Mr Lei started using Douyin, the Chinese version of TikTok before migrating to TikTok in 2020. 

He was too shy to dance in public places at first. It was Lily, his “partner in crime” in several clips, who gave him the courage to let loose and have fun. 

“As long as I am not obstructing anything and being a nuisance to the public, I can dance freely anywhere with no fear now,” Mr Lei said. 

He added that as Lily’s moves are more sensual and graceful, he wants his dance routine to be more powerful and energetic. 

Mr Lei is best known for dancing to a cover of Faye Wong’s 1999 track, “A Century of Loneliness” (百年孤寂). So, will he choose a different song?

“Yes, definitely!
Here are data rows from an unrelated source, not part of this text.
(* Let $T$ be the rooted binary tree with boundary $\partial T=\{0,1\}^{\mathbb N}$, let $\mu_1$ be the Bernoulli measure on $\partial T$, and let $\lambda$ be Lebesgue measure on $I=[0,1)$. Let $g\in Aut(T)$ be such that there exists $m\geq1$ such that for every $i>m$ and every sequence $w=w_1w_2\cdots\in\partial T$, the $i$-th entry of $g(w)$ equals $w_i$. Let $a\in Aut(T)$ be the adding machine. Then: (1) for some permutation $\pi$ of $2^m$ symbols, the rotated odometer $(I,F_\pi)$ (with $F_\pi$ built from the division of $I$ into $2^m$ intervals of length $2^{-m}$) admits an injective measure-preserving map $\phi:(I,\lambda)\to(\partial T,\mu_1)$ with $\phi\circ F_\pi=(a\circ g)\circ\phi$; (2) consequently, $a\circ g$ has infinite order, there is a clopen subset $U\subset\partial T$ such that the action of $\langle a\circ g\rangle$ restricted to $U$ is minimal, and there is $n_0\geq0$ such that every $x\in\partial T\setminus U$ is periodic of period $2^k$ for some $k\leq n_0$.
   Context: The rooted binary tree $T$ has vertex levels $V_i$, $|V_i|=2^i$, vertices of $V_i$ labelled by words $w_1\cdots w_i\in\{0,1\}^i$, with $w_1\cdots w_i$ joined to $w_1\cdots w_i0$ and $w_1\cdots w_i1$. Its boundary $\partial T$ is the set of infinite paths, identified with $\{0,1\}^{\mathbb N}$. $Aut(T)$ is the group of bijections of vertices preserving adjacency (hence levels); each induces a homeomorphism of $\partial T$. The Bernoulli measure $\mu_1$ gives each cylinder $[w_1\cdots w_i]$ mass $2^{-i}$. The adding machine $a$ is addition of $1$ with carry to the right: $a(0w_2\cdots)=1w_2\cdots$; if $w_1=\cdots=w_k=1$, $w_{k+1}=0$ then $a(w)=0^k1w_{k+2}\cdots$; $a(1^\infty)=0^\infty$. Rotated odometer: the von Neumann–Kakutani map $\mathfrak{a}:[0,1)\to[0,1)$ is $\mathfrak{a}(x)=x-(1-3\cdot2^{-n})$ for $x\in[1-2^{1-n},1-2^{-n})$, $n\ge1$; for $q\in\mathbb N$ and a permutation $\pi$ of $q$ symbols, $R_\pi$ translates $[k/q,(k+1)/q)$ onto $[\pi(k)/q,(\pi(k)+1)/q)$; $F_\pi=\mathfrak{a}\circ R_\pi$. *)

From HB Require Import structures.
From mathcomp Require Import all_boot all_order all_algebra all_fingroup.
From mathcomp Require Import all_classical all_reals all_analysis.
Set Implicit Arguments. Unset Strict Implicit. Unset Printing Implicit Defensive.
Import Order.TTheory GRing.Theory Num.Theory.
Import numFieldNormedType.Exports.
Local Open Scope classical_set_scope.
Local Open Scope ring_scope.

(* Vertices of T are finite binary words (seq bool); the word w_1...w_i is
   the list [:: w_1; ...; w_i], its level is its size, and w is joined to
   rcons w b for b in {0,1} (false = 0, true = 1). *)
Definition tree_adj (u v : seq bool) : Prop :=
  (exists b, v = rcons u b) \/ (exists b, u = rcons v b).

Definition is_tree_aut (f : seq bool -> seq bool) : Prop :=
  bijective f /\ forall u v, tree_adj u v <-> tree_adj (f u) (f v).

(* An infinite path is a sequence x : nat -> bool, with x i the (i+1)-th
   letter (so the paper's w_i is x (i-1)).  We use mathcomp-analysis'
   cantor_space (= nat -> bool with the product topology). *)
Definition prefix (x : cantor_space) (n : nat) : seq bool := mkseq x n.

Definition bd_act (f : seq bool -> seq bool) (x : cantor_space) : cantor_space :=
  fun i => nth false (f (prefix x i.+1)) i.

(* The adding machine a: addition of 1 with carry to the right. *)
Definition adding_machine (x : cantor_space) : cantor_space :=
  fun i => if [forall j : 'I_i, x j] then ~~ x i else x i.

Definition cylinder (w : seq bool) : set cantor_space :=
  [set x | prefix x (size w) = w].

Definition cylinders : set (set cantor_space) := [set cylinder w | w in [set: seq bool]].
There is no way I can use this song forever but I won’t be changing the song for now as it is still helping me gain popularity and audiences,” said Mr Lei. 

Comments on Raymond’s TikTok, asking him to go to various places in Singapore.
Screenshot From: Raymond’s TikTok

Haters, Back Off!

While Mr Lei gets many fan mails on TikTok, there are the occasional haters who might leave insulting messages. 
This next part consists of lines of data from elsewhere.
Lemma zsum_le_oscillation (w phi : Z -> R) (lo hi : R) :
  (forall z, 0 <= w z) -> (forall z, w z <= phi (z + 1)%Z - phi z) ->
  (forall z, lo <= phi z <= hi) -> 0 <= zsum w <= hi - lo.
Proof.
  intros Hw Hstep Hphi; split; [apply zsum_nonneg, Hw|].
  assert (Hpos : Series (fun k => w (Z.of_nat k)) <= hi - phi 0%Z).
  { apply Series_le_of_sum_n_le; [intros; apply Hw|]; intros n.
    eapply Rle_trans.
    - apply (sum_n_le_telescope _ (fun k => phi (Z.of_nat k))); intros k.
      rewrite Nat2Z.inj_succ; apply Hstep.
    - cbv beta; change (Z.of_nat 0) with 0%Z.
      specialize (Hphi (Z.of_nat (S n))); lra. }
  assert (Hneg : Series (fun k => w (- Z.of_nat (S k))%Z) <= phi 0%Z - lo).
  { apply Series_le_of_sum_n_le; [intros; apply Hw|]; intros n.
    eapply Rle_trans.
    - apply (sum_n_le_telescope _ (fun k => - phi (- Z.of_nat k)%Z)); intros k.
      specialize (Hstep (- Z.of_nat (S k))%Z).
      replace (- Z.of_nat (S k) + 1)%Z with (- Z.of_nat k)%Z in Hstep by lia; lra.
    - cbv beta; change (- Z.of_nat 0)%Z with 0%Z.
      specialize (Hphi (- Z.of_nat (S n))%Z); lra. }
  unfold zsum; lra.
Qed.

Definition has_potential (u : nat -> R) (D : R) : Prop :=
  (forall k, 0 <= u k) /\
  exists f : nat -> R, (forall k, u k <= f (S k) - f k) /\ (forall k, f k <= f O + D).

Section Reflected_potential.
Variables (u f : nat -> R) (D : R).
Hypothesis u_nonneg : forall k, 0 <= u k.
Hypothesis f_step : forall k, u k <= f (S k) - f k.
Hypothesis f_le : forall k, f k <= f O + D.

Lemma potential_le (i j : nat) : (i <= j)%nat -> f i <= f j.
Proof.
  induction 1 as [|j _ IH]; [lra|].
  specialize (f_step j); specialize (u_nonneg j); lra.
Qed.

(* Reflecting f about -1/2 keeps every increment above u (|z|) without any
   monotonicity of u. *)
Definition zpotential (z : Z) : R :=
  if Z_lt_dec z 0 then f O + f 1%nat - f (Z.to_nat (1 - z)) else f (Z.to_nat z).

Lemma zpotential_step (z : Z) : u (Z.abs_nat z) <= zpotential (z + 1) - zpotential z.
Proof.
  unfold zpotential.
  destruct (Z_lt_dec (z + 1) 0), (Z_lt_dec z 0); try lia.
  - replace (Z.to_nat (1 - z)) with (S (Z.to_nat (1 - (z + 1)))) by lia.
    replace (Z.abs_nat z) with (Z.to_nat (1 - (z + 1))) by lia.
    specialize (f_step (Z.to_nat (1 - (z + 1)))); lra.
  - replace z with (-1)%Z by lia.
    change (u 1%nat <= f 0%nat - (f 0%nat + f 1%nat - f 2%nat)).
    specialize (f_step 1%nat); lra.
  - replace (Z.to_nat (z + 1)) with (S (Z.to_nat z)) by lia.
    replace (Z.abs_nat z) with (Z.to_nat z) by lia; apply f_step.
Qed.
“It is fine when they attack the way I dance, the way I look or even my purpose of doing such videos,” said Mr Lei. “However, they are not allowed to insult my family.” 
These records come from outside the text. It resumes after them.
Lemma matchingU V M1 M2 : is_matching V e M1 -> is_matching V e M2 ->
  (forall f g, f \in M1 -> g \in M2 -> [disjoint f & g]) ->
  is_matching V e (M1 :|: M2) /\ #|M1 :|: M2| = #|M1| + #|M2|.
Proof.
move=> /is_matchingP[edge1 disj1] /is_matchingP[edge2 disj2] disj12; split.
  apply/is_matchingP; split=> [f /setUP[/edge1|/edge2] //|f g].
  case/setUP=> fM /setUP[] gM; [exact: disj1 | move=> _ | move=> _ | exact: disj2].
  - exact: disj12.
  - by rewrite disjoint_sym; apply: disj12.
apply/eqP; rewrite (leq_card_setU M1 M2).2 -setI_eq0; apply/eqP/setP=> f.
rewrite !inE; apply/negbTE/andP=> -[fM1 fM2]; have := disj12 f f fM1 fM2.
have [u [v [_ ->]]] := edge1 f fM1.
by rewrite -setI_eq0 setIid => /eqP/setP/(_ u); rewrite !inE eqxx.
Qed.

Lemma matching_of_matchable V A B : A \subset V -> B \subset V ->
  [disjoint A & B] -> matchable e A B ->
  exists M, [/\ is_matching V e M, #|M| = #|A| & forall f, f \in M -> f \subset A :|: B].
Proof.
move=> sAV sBV dAB [m [m_inj mAB]].
have mB a : a \in A -> m a \in B by case/mAB.
have edge_inj : {in A &, injective (fun a => [set a; m a])}.
  move=> a1 a2 a1A a2A E; have : a1 \in [set a2; m a2] by rewrite -E set21.
  case/set2P=> // a1m; move: (mB _ a2A); rewrite -a1m => a1B.
  by move: (disjointFl dAB a1B); rewrite a1A.
exists [set [set a; m a] | a in A]; split; last first.
- by move=> _ /imsetP[a aA ->]; rewrite subUset !sub1set !inE aA mB ?orbT.
- by rewrite card_in_imset.
apply/is_matchingP; split=> [_ /imsetP[a aA ->]|].
  exists a, (m a); have [maB eama] := mAB a aA.
  by rewrite /is_edge (subsetP sAV) ?(subsetP sBV) ?eama.
move=> _ _ /imsetP[a1 a1A ->] /imsetP[a2 a2A ->] neq.
have neq12 : a1 != a2 by apply: contraNneq neq => ->.
rewrite -setI_eq0; apply/eqP/setP=> w; rewrite in_setI in_set0.
apply/negbTE/andP=> -[/set2P[]-> /set2P[]].
- by apply/eqP.
- by move=> a1m; move: (disjointFl dAB (mB _ a2A)); rewrite -a1m a1A.
- by move=> ma1; move: (disjointFl dAB (mB _ a1A)); rewrite ma1 a2A.
- by move/m_inj=> /(_ a1A a2A); apply/eqP.
Qed.

Lemma matching_subset V M f : is_matching V e M -> f \in M -> f \subset V.
Proof.
case/is_matchingP=> edgeM _ /edgeM[u [v [/and3P[uV vV _] ->]]].
by rewrite subUset !sub1set uV vV.
Qed.

Lemma MM_matchable_add V A B C : A \subset V -> B \subset V -> C \subset V ->
  [disjoint A & B] -> [disjoint A :|: B & C] -> matchable e A B ->
  #|A| + MM C e <= MM V e.
Proof.
move=> sAV sBV sCV dAB dABC mAB.
have [M1 [matchM1 <- subM1]] := matching_of_matchable sAV sBV dAB mAB.
have [M2 matchM2 ->] := MM_attained C.
have disjM12 f g : f \in M1 -> g \in M2 -> [disjoint f & g].
  by move=> /subM1 sf /(matching_subset matchM2) sg; apply: disjointW sf sg dABC.
have [matchM cardM] := matchingU matchM1 (is_matching_subset sCV matchM2) disjM12.
by rewrite -cardM MM_ge_card.
Qed.
End Matchings.

Local Open Scope ring_scope.

Section VertexCoverLP.
Variables (T : finType) (R : realFieldType) (e : rel T).
Implicit Types (V A : {set T}) (x y : T -> R).

Lemma lp_value_optimal V x r :
  lp_optimal V e x -> is_LP_value V e r -> r = lp_obj V x.
Proof.
by move=> [xf x_min] [[y [yf <-]] r_min]; apply/eqP; rewrite eq_le r_min ?x_min.
Qed.

Lemma Vi_sub V x i : Vi V x i \subset V.
Proof. by apply/subsetP=> v /[!inE] /andP[]. Qed.

Lemma Vi_disjoint V x i j : i != j -> [disjoint Vi V x i & Vi V x j].
Proof.
move=> neq_ij; rewrite -setI_eq0; apply/eqP/setP=> v; rewrite !inE.
by apply/negbTE; apply: contra neq_ij => /andP[/andP[_ /eqP<-] /andP[_ /eqP->]].
Qed.

Lemma sum_mem_indicator V A :
  A \subset V -> \sum_(v in V) ((v \in A)%:R : R) = #|A|%:R.
Proof.
move=> sAV; rewrite (eq_bigr (fun v => if v \in A then 1 else 0)); last first.
  by move=> v _; case: (v \in A).
rewrite -big_mkcondr sumr_const; congr (_ *+ _); apply: eq_card => v.
by rewrite unfold_in /= andb_idl // => /(subsetP sAV).
Qed.

Lemma lp_obj_all_half V : lp_obj V (all_half : T -> R) = #|V|%:R / 2.
Proof. by rewrite /lp_obj /all_half sumr_const [RHS]mulrC mulr_natr. Qed.

Lemma lp_obj_half_integral V x : half_integral V x ->
  lp_obj V x = #|Vi V x 1|%:R + #|Vi V x 2^-1|%:R / 2.
Proof.
move=> x_half; rewrite -!(sum_mem_indicator (Vi_sub V x _)) mulr_suml -big_split /=.
have ne01 : (0 == 1 :> R) = false by apply/eqP; lra.
have ne0h : (0 == 2^-1 :> R) = false by apply/eqP; lra.
have neh1 : (2^-1 == 1 :> R) = false by apply/eqP; lra.
have ne1h : (1 == 2^-1 :> R) = false by apply/eqP; lra.
apply: eq_bigr => v vV; rewrite !inE vV /=.
by case: (x_half v vV) => [|[|]] ->; rewrite ?eqxx ?ne01 ?ne0h ?neh1 ?ne1h /=; lra.
Qed.

Lemma lp_optimal_hall V x : symmetric e -> half_integral V x ->
  lp_optimal V e x -> hall_condition e (Vi V x 1) (Vi V x 0).
Proof.
move=> e_sym x_half [[x_cover x_bound] x_min] S sS.
set N := nbhd e (Vi V x 0) S.
have sSV : S \subset V := subset_trans sS (Vi_sub _ _ _).
have sNV : N \subset V := subset_trans (nbhd_sub _ _ _) (Vi_sub _ _ _).
have xS w : w \in S -> x w = 1 by move/(subsetP sS); rewrite inE => /andP[_ /eqP].
have xN w : w \in N -> x w = 0 by rewrite !inE => /andP[/andP[_ /eqP]].
have N_nbhd u v : u \in S -> v \in V -> e u v -> x v = 0 -> v \in N.
  by move=> uS vV euv xv0; rewrite !inE vV xv0 eqxx; apply/existsP; exists u; rewrite uS.
pose y w := if w \in S :|: N then 2^-1 else x w.
have half_side u v : is_edge V e u v -> u \in S :|: N -> v \notin S :|: N -> 2^-1 <= x v.
  case/and3P=> uV vV euv /setUP[uS|uN] vSN.
    have [xv0|[->|->]] := x_half v vV; try lra.
    by move: vSN; rewrite inE (N_nbhd u) ?orbT.
  by have := x_cover u v; rewrite /is_edge uV vV euv xN // => /(_ isT); lra.
have y_feasible : lp_feasible V e y.
  split=> [u v uv|w wV]; rewrite /y; last by case: ifP => _; [lra | exact: x_bound].
  have vu : is_edge V e v u by move: uv; rewrite /is_edge e_sym andbCA.
  case: ifPn => uSN; case: ifPn => vSN; try lra.
  - by have := half_side u v uv uSN vSN; lra.
  - by have := half_side v u vu vSN uSN; lra.
  - exact: x_cover.
have y_shift w : y w = x w + ((w \in N)%:R - (w \in S)%:R) / 2.
  rewrite /y inE; case: (boolP (w \in S)) => [wS|_]; last first.
    by case: (boolP (w \in N)) => [/xN->|_] /=; lra.
  have wN : w \in N = false.
    by apply/negbTE/negP=> /xN; rewrite xS // => /eqP; rewrite oner_eq0.
  by rewrite xS // wN /=; lra.
have := x_min y y_feasible.
rewrite /lp_obj (eq_bigr _ (fun w _ => y_shift w)) big_split -mulr_suml sumrB /=.
rewrite !sum_mem_indicator // => obj_le.
by rewrite -(ler_nat R); lra.
Qed.
End VertexCoverLP.

Theorem lemma7 (R : realFieldType) (T : finType) (e : rel T)
  (e_sym : symmetric e) (e_irr : irreflexive e) (k : nat) (x : T -> R) :
  ~ half_unique_opt R [set: T] e ->
  half_integral [set: T] x ->
  lp_optimal [set: T] e x ->
  half_unique_opt R (Vi [set: T] x 2^-1) e ->
  forall (k' : int) (lpG lpG' : R),
  k' = (k%:Z - #|Vi [set: T] x 1|%:Z)%R ->
  is_LP_value [set: T] e lpG ->
  is_LP_value (Vi [set: T] x 2^-1) e lpG' ->
  (k' + (MM (Vi [set: T] x 2^-1) e)%:Z)%:~R - 2 * lpG'
    <= (k%:Z + (MM [set: T] e)%:Z)%:~R - 2 * lpG.
Proof.
move=> _ x_half x_opt [half_opt _] k' lpG lpG' -> lpG_val lpG'_val.
set V1 := Vi [set: T] x 1; set Vh := Vi [set: T] x 2^-1; set V0 := Vi [set: T] x 0.
have -> : lpG = #|V1|%:R + #|Vh|%:R / 2.
  by rewrite (lp_value_optimal x_opt lpG_val) lp_obj_half_integral.
have -> : lpG' = #|Vh|%:R / 2.
  by rewrite (lp_value_optimal half_opt lpG'_val) lp_obj_all_half.
have ne10 : (1 : R) != 0 := oner_neq0 R.
have ne1h : (1 : R) != 2^-1 by apply/eqP; lra.
have ne0h : (0 : R) != 2^-1 by apply/eqP; lra.
have : (#|V1| + MM Vh e <= MM [set: T] e)%N.
  apply: MM_matchable_add (hall (lp_optimal_hall e_sym x_half x_opt));
    rewrite ?subsetT ?Vi_disjoint //.
  by rewrite -setI_eq0 setIUl setU_eq0 !setI_eq0 !Vi_disjoint.
rewrite -(ler_nat R) natrD => MM_le.
rewrite !intrD intrN !pmulrn; lra.
Qed.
When this happens, Mr Lei said he wouldn’t hesitate to block the users. Thankfully, he’s only had to block two haters so far. 

This is probably why he insists that his sons shouldn’t appear in his TikTok channel. “If they want to film a TikTok together with me, I would not allow so because I do not want to put them in any danger,” Mr Lei said. “But they are free to film TikTok videos without me inside.”

Raymond Lei posing for a wefie with The UrbanWire writer Vivian Goh.
Photo Credit: Vivian Goh

So, where are Uncle Raymond’s most and least favourite spot to dance in Singapore? Watch this clip to find out!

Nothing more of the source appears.